SECOND APPELLATE DISTRICT

DIVISION SEVEN

MONSTER, LLC et al., B312570

Plaintiffs, Cross- (Los Angeles County defendants and Appellants, Super. Ct. No. BC595235) v.

BEATS ELECTRONICS, LLC,

Defendant, Cross- complainant and Respondent.

APPEAL from an order of the Superior Court of Los Angeles County, William Fahey, Judge. Affirmed. Law Offices of Kirk M. Hallam and Kirk M. Hallam for Plaintiffs, Cross-defendants and Appellants Monster, LLC and Noel Lee. Gibson, Dunn & Crutcher, Theodore J. Boutrous, Jr., Bradley J. Hamburger, Daniel R. Adler and Madeleine F. McKenna for Defendant, Cross-complainant and Respondent. ______________________ Monster, LLC and Noel Lee, its chief executive officer, sued Beats Electronics, LLC, HTC America Holding, Inc. and Paul D. Wachter, a member of Beats’s board, in January 2015 alleging Beats, assisted by HTC and Wachter, engaged in a fraudulent scheme to deprive Monster and Lee of their interest in Beats and revenue from its products.1 Beats cross-complained against Monster and Lee, alleging that by filing suit they had breached the release provisions in 2012 and 2013 agreements between the parties.

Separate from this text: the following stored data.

Lemma first_countable_isolated {T : topologicalType} {x : T} :
  nbhs x [set x] -> first_countable_at x.
Proof.
move=> xi; exists (fun=> [set x]); split => // W Wx.
by exists 0%N => _ ->; exact: nbhs_singleton.
Qed.

Section OrderCompact.
Context {d : Order.disp_t} {X : orderTopologicalType d}.
Implicit Types (A W : set X) (x y : X).

Lemma rray_nbhs {x y} : x < y -> nbhs y `]x, +oo[.
Proof.
by move=> xy; apply: open_nbhs_nbhs; split; [exact: rray_open|rewrite /= in_itv /= xy].
Qed.

Lemma lray_nbhs {x y} : y < x -> nbhs y `]-oo, x[.
Proof.
by move=> yx; apply: open_nbhs_nbhs; split; [exact: lray_open|rewrite /= in_itv /= yx].
Qed.

Lemma compact_min A : compact A -> A !=set0 ->
  exists2 m, A m & forall a, A a -> m <= a.
Proof.
move=> cA [a0 Aa0].
pose F := filter_from A (fun a => A `&` `]-oo, a]).
have FF : ProperFilter F.
  apply: filter_from_proper => [|a Aa]; last first.
    by exists a; split => //; rewrite /= in_itv /=.
  apply: filter_from_filter => [|a b Aa Ab]; first by exists a0.
  exists (Order.min a b); first by rewrite minEle; case: (a <= b).
  move=> x [Ax]; rewrite /= in_itv /= le_min => /andP[xa xb].
  by split; split; rewrite //= in_itv /= ?xa ?xb.
have [m [Am clm]] := cA F FF (ex_intro2 _ _ a0 Aa0 (@subIsetl _ _ _)).
exists m => // a Aa; rewrite leNgt; apply/negP => am.
have [x [[_]]] := clm _ _ (ex_intro2 _ _ a Aa (@subset_refl _ _)) (rray_nbhs am).
by rewrite /= !in_itv /= andbT => xa /(le_lt_trans xa); rewrite ltxx.
Qed.

Lemma compact_max A : compact A -> A !=set0 ->
  exists2 m, A m & forall a, A a -> a <= m.
Proof.
move=> cA [a0 Aa0].
pose F := filter_from A (fun a => A `&` `[a, +oo[).
have FF : ProperFilter F.
  apply: filter_from_proper => [|a Aa]; last first.
    by exists a; split => //; rewrite /= in_itv /= lexx.
  apply: filter_from_filter => [|a b Aa Ab]; first by exists a0.
  exists (Order.max a b); first by rewrite maxEle; case: (a <= b).
  move=> x [Ax]; rewrite /= in_itv /= andbT ge_max => /andP[ax bx].
  by split; split; rewrite //= in_itv /= ?ax ?bx.
have [m [Am clm]] := cA F FF (ex_intro2 _ _ a0 Aa0 (@subIsetl _ _ _)).
exists m => // a Aa; rewrite leNgt; apply/negP => ma.
have [x [[_]]] := clm _ _ (ex_intro2 _ _ a Aa (@subset_refl _ _)) (lray_nbhs ma).
by rewrite /= !in_itv /= andbT => ax /(le_lt_trans ax); rewrite ltxx.
Qed.

Lemma nbhs_right_itv x W : nbhs x W ->
  (exists2 v, x < v & forall z, x <= z -> z < v -> W z) \/ (forall z, x <= z -> W z).
Proof.
rewrite itv_nbhsE => -[i [oi xi] iW].
case: i oi xi iW => [[[]l|[]] [[]r|[]]] //= oi xi iW.
all: rewrite /itv_open_ends /= in oi; try by [].
all: rewrite ?in_itv /= ?andbT in xi.
- case/andP: xi => lx xr; left; exists r => // z xz zr; apply: iW.
  by rewrite /= in_itv /= zr (lt_le_trans lx xz).
- right => z xz; apply: iW.
  by rewrite /= in_itv /= andbT (lt_le_trans xi xz).
- by left; exists r => // z xz zr; apply: iW; rewrite /= in_itv /= zr.
- by right => z _; apply: iW; rewrite /= in_itv.
Qed.

Lemma nbhs_left_itv x W : nbhs x W ->
  (exists2 v, v < x & forall z, z <= x -> v < z -> W z) \/ (forall z, z <= x -> W z).
Proof.
rewrite itv_nbhsE => -[i [oi xi] iW].
case: i oi xi iW => [[[]l|[]] [[]r|[]]] //= oi xi iW.
all: rewrite /itv_open_ends /= in oi; try by [].
all: rewrite ?in_itv /= ?andbT in xi.
- case/andP: xi => lx xr; left; exists l => // z zx lz; apply: iW.
  by rewrite /= in_itv /= lz (le_lt_trans zx xr).
- by left; exists l => // z zx lz; apply: iW; rewrite /= in_itv /= lz.
- right => z zx; apply: iW.
  by rewrite /= in_itv /= (le_lt_trans zx xi).
- by right => z _; apply: iW; rewrite /= in_itv.
Qed.

Lemma first_countable_bottom (o : X) (t : nat -> X) :
  (forall x, o <= x) -> (forall n, o < t n) ->
  (forall v, o < v -> exists n, t n < v) -> first_countable_at o.
Proof.
move=> omin ot tv; exists (fun n => `]-oo, t n[); split.
  by move=> n; exact: lray_nbhs.
move=> W /nbhs_right_itv [[v ov vW]|oW]; last by exists 0%N => z _; exact: oW.
have [n tnv] := tv v ov; exists n => z; rewrite /= in_itv /= => ztn.
by apply: vW; [exact: omin|exact: lt_trans ztn tnv].
Qed.

Lemma cluster_decreasing_notin {s : nat -> X} {y} :
  (forall n, s n.+1 < s n) -> cluster (s @ \oo) y -> forall n, s n <> y.
Proof.
move=> sdec cly k sky.
have anti : nonincreasing_seq s by apply/nonincreasing_seqP => n; exact: ltW.
have [z [/= zs]] : [set z | z <= s k.+1] `&` `]s k.+1, +oo[ !=set0.
  apply: cly; last by rewrite -sky; exact: rray_nbhs.
  by exists k.+1 => // m /= /anti.
by rewrite in_itv /= andbT => /(le_lt_trans zs); rewrite ltxx.
Qed.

In July 2018 the trial court entered a second amended judgment in favor of Beats, HTC and Wachter after they prevailed on summary judgment motions directed to Monster and Lee’s complaint; a jury returned a verdict awarding Beats damages on its cross-complaint; and the court granted Beats’s requests for interest and attorney fees as the prevailing party on its cross-complaint. We affirmed the judgment and postjudgment orders. (Monster, LLC v. Beats Electronics, LLC (Aug. 25, 2020, B285994) [nonpub. opn.] (Monster II).) After issuance of our remittitur, Beats moved in the trial court for additional fees and costs and application of Monster’s cash deposit to satisfy the judgment. Monster and Lee opposed Beats’s motion and moved to amend the judgment by vacating

1 The complaint also named the founders of Beats, Andre Young (popularly known as Dr. Dre) and Jimmy Iovine. Early in the proceedings the court sustained demurrers by Young and Iovine without leave to amend, and they were dismissed from the case.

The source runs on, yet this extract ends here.